> _Exercise brief_:
Reproduce the first line of the entries that follow and each later line, word for word, ending with the one containing "From mathcomp Require Import ring zify.".

*** Data for processing ***

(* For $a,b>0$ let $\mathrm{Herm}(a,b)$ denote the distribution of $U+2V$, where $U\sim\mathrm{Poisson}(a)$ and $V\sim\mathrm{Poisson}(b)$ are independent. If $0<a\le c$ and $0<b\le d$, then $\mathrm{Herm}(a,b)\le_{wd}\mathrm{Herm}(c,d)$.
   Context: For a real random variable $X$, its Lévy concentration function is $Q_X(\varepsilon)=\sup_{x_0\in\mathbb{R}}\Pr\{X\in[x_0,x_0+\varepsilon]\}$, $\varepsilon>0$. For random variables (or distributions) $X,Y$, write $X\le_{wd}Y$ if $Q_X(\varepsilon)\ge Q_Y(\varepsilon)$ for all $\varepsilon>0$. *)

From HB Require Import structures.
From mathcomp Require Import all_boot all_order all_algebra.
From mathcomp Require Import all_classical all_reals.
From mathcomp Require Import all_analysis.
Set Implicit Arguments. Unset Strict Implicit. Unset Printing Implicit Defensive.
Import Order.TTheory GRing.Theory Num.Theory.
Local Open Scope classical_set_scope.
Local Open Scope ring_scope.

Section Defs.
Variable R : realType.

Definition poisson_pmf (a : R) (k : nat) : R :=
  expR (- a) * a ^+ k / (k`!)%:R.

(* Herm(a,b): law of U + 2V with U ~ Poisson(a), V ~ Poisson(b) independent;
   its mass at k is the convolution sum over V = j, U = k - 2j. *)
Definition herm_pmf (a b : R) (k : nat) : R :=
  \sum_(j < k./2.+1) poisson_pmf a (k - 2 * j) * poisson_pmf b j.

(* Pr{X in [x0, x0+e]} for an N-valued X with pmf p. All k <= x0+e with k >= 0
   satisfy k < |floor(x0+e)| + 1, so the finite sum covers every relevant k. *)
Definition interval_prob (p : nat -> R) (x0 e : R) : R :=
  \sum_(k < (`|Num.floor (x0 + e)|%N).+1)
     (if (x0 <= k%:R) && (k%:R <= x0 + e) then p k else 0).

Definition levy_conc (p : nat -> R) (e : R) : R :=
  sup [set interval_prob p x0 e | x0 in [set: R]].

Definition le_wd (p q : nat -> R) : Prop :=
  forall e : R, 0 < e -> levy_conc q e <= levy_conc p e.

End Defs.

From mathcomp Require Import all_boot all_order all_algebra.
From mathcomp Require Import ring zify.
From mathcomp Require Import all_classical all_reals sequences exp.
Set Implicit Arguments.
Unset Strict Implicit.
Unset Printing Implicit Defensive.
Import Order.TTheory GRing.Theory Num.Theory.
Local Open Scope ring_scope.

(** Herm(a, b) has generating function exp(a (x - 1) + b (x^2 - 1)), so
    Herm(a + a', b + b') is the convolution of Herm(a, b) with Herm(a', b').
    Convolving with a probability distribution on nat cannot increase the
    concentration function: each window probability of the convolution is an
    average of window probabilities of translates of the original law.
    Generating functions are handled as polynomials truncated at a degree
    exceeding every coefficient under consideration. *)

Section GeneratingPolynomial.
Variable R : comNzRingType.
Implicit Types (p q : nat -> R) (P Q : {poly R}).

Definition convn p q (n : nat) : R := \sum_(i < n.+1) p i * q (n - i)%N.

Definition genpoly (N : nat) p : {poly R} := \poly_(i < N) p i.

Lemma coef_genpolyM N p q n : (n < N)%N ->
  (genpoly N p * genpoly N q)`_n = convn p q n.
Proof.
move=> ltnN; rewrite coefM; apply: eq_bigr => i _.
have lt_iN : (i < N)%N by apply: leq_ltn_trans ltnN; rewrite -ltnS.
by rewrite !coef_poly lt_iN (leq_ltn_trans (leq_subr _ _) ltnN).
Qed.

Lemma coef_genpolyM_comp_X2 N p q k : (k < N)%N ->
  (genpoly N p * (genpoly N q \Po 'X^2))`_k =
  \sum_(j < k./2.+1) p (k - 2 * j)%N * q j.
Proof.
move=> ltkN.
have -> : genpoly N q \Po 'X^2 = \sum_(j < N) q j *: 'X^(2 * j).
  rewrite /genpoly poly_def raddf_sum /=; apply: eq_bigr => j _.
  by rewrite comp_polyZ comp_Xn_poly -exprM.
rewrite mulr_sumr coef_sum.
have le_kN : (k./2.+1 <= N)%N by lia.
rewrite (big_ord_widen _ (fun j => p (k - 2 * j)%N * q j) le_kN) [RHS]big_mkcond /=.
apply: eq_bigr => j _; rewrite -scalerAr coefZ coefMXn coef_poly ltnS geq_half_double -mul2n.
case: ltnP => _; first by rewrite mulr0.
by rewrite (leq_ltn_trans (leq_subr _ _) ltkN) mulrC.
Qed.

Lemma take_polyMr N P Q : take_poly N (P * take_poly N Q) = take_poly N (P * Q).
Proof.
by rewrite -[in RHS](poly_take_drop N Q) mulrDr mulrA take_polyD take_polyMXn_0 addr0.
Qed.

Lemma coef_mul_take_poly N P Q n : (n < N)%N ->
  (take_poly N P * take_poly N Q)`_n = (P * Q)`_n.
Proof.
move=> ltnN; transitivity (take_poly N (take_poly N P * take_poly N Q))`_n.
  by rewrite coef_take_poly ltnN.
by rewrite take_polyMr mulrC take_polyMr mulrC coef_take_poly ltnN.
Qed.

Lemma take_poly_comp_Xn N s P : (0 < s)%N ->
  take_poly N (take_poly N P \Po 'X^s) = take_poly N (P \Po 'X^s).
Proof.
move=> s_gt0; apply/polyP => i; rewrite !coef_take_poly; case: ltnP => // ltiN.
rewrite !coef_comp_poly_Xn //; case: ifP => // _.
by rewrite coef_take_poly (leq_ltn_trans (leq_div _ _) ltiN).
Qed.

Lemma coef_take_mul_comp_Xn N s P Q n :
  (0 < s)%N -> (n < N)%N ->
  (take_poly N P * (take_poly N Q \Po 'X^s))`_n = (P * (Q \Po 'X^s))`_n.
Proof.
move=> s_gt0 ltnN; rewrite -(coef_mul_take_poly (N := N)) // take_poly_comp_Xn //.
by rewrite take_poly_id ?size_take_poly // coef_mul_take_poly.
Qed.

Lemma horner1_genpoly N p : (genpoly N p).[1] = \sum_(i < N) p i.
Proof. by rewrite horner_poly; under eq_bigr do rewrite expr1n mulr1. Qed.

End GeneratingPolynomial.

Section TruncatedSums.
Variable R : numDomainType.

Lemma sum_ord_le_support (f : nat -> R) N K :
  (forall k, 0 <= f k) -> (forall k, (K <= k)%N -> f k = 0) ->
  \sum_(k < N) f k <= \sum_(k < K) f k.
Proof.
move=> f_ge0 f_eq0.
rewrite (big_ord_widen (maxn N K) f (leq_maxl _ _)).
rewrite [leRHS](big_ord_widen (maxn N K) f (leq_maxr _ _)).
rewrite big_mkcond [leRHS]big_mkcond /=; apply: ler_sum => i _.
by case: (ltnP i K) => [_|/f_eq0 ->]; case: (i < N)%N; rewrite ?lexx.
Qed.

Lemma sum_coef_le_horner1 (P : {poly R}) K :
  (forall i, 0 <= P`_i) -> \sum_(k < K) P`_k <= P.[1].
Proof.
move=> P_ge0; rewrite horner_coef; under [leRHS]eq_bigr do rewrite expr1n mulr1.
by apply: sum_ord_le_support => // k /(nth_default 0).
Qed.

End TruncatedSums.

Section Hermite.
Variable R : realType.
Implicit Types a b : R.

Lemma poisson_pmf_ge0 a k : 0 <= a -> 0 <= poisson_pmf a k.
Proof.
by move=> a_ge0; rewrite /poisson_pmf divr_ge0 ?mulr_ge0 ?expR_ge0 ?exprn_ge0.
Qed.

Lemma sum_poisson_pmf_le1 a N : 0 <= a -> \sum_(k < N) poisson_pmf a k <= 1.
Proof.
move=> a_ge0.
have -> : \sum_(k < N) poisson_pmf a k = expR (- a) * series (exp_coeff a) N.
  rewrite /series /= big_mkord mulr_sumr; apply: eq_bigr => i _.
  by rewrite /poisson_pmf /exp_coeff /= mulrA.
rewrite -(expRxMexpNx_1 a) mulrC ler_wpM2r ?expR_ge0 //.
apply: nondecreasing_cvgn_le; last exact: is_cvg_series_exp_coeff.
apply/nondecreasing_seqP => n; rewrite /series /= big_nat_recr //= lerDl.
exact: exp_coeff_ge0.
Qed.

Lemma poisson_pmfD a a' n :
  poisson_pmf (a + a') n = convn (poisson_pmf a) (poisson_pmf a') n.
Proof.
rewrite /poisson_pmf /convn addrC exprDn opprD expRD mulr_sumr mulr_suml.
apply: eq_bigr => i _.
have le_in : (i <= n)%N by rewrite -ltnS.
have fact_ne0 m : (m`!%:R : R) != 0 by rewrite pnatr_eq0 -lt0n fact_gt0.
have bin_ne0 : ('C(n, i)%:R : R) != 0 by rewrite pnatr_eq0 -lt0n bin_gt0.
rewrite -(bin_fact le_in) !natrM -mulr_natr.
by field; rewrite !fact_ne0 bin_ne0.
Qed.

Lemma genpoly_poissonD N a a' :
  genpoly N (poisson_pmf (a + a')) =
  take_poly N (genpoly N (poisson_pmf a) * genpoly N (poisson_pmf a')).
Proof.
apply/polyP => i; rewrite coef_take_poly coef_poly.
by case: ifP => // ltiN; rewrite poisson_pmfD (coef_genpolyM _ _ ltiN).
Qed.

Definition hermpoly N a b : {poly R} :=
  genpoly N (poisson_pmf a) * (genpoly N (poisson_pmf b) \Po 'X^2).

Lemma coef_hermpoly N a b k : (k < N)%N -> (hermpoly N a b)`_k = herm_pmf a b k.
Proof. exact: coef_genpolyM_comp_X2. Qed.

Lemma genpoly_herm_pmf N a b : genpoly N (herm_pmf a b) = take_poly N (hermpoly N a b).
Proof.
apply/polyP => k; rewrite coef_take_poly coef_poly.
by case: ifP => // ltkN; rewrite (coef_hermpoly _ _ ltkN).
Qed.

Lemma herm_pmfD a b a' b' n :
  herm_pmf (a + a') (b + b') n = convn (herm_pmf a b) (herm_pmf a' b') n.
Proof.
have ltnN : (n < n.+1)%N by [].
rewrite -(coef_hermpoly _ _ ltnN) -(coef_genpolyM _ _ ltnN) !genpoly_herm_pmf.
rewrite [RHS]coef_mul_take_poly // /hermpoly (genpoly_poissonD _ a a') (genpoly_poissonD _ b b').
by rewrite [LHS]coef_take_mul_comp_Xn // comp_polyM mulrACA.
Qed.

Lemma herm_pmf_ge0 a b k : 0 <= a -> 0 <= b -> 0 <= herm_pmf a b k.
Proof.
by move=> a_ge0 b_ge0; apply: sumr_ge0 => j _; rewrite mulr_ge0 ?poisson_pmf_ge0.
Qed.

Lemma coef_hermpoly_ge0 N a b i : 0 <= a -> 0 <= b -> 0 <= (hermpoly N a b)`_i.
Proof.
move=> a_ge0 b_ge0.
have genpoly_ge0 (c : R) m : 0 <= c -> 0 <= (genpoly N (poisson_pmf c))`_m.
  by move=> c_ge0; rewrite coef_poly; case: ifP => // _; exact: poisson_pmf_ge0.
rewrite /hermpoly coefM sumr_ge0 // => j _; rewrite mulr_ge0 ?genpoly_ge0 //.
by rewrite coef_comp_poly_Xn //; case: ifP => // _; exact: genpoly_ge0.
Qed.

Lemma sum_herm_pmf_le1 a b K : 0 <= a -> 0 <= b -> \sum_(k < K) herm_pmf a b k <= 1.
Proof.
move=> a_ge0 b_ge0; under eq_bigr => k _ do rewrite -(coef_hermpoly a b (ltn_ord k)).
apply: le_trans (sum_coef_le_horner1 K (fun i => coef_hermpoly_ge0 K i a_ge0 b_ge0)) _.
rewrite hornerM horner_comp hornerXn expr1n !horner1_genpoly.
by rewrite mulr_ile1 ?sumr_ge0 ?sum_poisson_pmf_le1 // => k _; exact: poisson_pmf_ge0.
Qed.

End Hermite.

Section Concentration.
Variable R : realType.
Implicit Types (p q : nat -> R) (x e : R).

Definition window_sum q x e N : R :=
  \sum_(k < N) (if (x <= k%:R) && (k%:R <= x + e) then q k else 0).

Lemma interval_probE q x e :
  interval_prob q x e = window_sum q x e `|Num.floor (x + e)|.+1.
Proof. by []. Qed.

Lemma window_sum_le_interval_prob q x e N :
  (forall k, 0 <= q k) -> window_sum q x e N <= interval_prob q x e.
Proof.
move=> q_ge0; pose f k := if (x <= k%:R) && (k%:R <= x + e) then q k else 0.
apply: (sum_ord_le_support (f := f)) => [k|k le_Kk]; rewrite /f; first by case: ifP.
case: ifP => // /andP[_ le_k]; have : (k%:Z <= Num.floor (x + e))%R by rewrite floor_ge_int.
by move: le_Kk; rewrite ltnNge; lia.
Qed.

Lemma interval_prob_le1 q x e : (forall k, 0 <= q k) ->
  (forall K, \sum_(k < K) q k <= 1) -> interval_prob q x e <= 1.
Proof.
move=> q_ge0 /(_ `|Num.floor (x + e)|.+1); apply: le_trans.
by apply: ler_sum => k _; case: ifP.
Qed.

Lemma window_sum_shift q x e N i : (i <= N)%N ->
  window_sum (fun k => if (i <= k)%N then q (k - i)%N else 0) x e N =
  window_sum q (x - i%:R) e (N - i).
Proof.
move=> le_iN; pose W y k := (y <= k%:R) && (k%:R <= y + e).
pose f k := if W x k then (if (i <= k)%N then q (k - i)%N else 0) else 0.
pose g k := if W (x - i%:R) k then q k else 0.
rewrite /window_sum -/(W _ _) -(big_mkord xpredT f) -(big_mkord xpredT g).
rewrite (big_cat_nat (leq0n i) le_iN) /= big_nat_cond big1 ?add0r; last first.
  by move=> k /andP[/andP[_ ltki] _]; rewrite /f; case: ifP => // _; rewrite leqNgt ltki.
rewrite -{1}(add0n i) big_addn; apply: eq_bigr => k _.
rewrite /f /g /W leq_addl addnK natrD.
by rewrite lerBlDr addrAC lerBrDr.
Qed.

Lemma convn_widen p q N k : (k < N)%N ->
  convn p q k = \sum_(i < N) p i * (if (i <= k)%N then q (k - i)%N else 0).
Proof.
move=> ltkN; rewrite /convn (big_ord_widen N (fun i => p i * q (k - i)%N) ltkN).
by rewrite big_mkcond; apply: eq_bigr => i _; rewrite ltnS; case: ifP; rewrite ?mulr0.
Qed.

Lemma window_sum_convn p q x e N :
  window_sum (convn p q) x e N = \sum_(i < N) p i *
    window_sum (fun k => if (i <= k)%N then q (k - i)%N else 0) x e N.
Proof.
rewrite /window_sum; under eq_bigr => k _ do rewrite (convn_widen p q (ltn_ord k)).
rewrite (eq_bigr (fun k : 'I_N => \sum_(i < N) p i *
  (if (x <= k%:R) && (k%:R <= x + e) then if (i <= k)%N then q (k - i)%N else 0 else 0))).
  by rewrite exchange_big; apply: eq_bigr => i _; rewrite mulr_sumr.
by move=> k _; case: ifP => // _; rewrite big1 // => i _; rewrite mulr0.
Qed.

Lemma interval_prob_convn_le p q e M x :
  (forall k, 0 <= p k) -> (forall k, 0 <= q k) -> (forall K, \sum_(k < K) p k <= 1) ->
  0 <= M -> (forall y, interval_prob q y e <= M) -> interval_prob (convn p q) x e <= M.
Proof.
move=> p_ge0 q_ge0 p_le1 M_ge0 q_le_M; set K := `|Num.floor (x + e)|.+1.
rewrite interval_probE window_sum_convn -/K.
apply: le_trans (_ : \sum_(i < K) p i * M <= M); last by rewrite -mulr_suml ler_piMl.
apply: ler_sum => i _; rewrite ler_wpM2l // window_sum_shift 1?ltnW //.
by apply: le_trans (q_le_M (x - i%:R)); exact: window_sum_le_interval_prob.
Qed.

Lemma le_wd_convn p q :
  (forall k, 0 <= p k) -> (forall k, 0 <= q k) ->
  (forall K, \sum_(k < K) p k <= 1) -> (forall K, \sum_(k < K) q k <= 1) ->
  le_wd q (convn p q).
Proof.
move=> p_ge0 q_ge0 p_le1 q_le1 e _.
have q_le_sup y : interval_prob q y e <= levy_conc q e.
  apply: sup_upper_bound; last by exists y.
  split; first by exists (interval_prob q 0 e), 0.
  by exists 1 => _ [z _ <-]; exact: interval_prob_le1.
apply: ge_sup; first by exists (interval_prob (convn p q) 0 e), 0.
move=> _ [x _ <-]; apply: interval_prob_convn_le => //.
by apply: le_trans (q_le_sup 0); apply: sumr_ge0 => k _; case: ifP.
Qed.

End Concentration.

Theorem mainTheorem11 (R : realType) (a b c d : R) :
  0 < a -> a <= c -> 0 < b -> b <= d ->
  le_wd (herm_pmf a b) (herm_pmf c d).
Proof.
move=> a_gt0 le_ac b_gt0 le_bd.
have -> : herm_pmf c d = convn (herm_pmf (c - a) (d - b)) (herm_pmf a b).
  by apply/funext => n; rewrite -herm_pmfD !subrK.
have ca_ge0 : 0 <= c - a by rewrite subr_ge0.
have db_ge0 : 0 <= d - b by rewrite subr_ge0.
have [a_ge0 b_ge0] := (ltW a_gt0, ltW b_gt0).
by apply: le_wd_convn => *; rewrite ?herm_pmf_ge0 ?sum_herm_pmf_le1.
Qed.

*** End of Data for processing ***

> _Exercise response_:
(* For $a,b>0$ let $\mathrm{Herm}(a,b)$ denote the distribution of $U+2V$, where $U\sim\mathrm{Poisson}(a)$ and $V\sim\mathrm{Poisson}(b)$ are independent. If $0<a\le c$ and $0<b\le d$, then $\mathrm{Herm}(a,b)\le_{wd}\mathrm{Herm}(c,d)$.
   Context: For a real random variable $X$, its Lévy concentration function is $Q_X(\varepsilon)=\sup_{x_0\in\mathbb{R}}\Pr\{X\in[x_0,x_0+\varepsilon]\}$, $\varepsilon>0$. For random variables (or distributions) $X,Y$, write $X\le_{wd}Y$ if $Q_X(\varepsilon)\ge Q_Y(\varepsilon)$ for all $\varepsilon>0$. *)

From HB Require Import structures.
From mathcomp Require Import all_boot all_order all_algebra.
From mathcomp Require Import all_classical all_reals.
From mathcomp Require Import all_analysis.
Set Implicit Arguments. Unset Strict Implicit. Unset Printing Implicit Defensive.
Import Order.TTheory GRing.Theory Num.Theory.
Local Open Scope classical_set_scope.
Local Open Scope ring_scope.

Section Defs.
Variable R : realType.

Definition poisson_pmf (a : R) (k : nat) : R :=
  expR (- a) * a ^+ k / (k`!)%:R.

(* Herm(a,b): law of U + 2V with U ~ Poisson(a), V ~ Poisson(b) independent;
   its mass at k is the convolution sum over V = j, U = k - 2j. *)
Definition herm_pmf (a b : R) (k : nat) : R :=
  \sum_(j < k./2.+1) poisson_pmf a (k - 2 * j) * poisson_pmf b j.

(* Pr{X in [x0, x0+e]} for an N-valued X with pmf p. All k <= x0+e with k >= 0
   satisfy k < |floor(x0+e)| + 1, so the finite sum covers every relevant k. *)
Definition interval_prob (p : nat -> R) (x0 e : R) : R :=
  \sum_(k < (`|Num.floor (x0 + e)|%N).+1)
     (if (x0 <= k%:R) && (k%:R <= x0 + e) then p k else 0).

Definition levy_conc (p : nat -> R) (e : R) : R :=
  sup [set interval_prob p x0 e | x0 in [set: R]].

Definition le_wd (p q : nat -> R) : Prop :=
  forall e : R, 0 < e -> levy_conc q e <= levy_conc p e.

End Defs.

From mathcomp Require Import all_boot all_order all_algebra.
From mathcomp Require Import ring zify.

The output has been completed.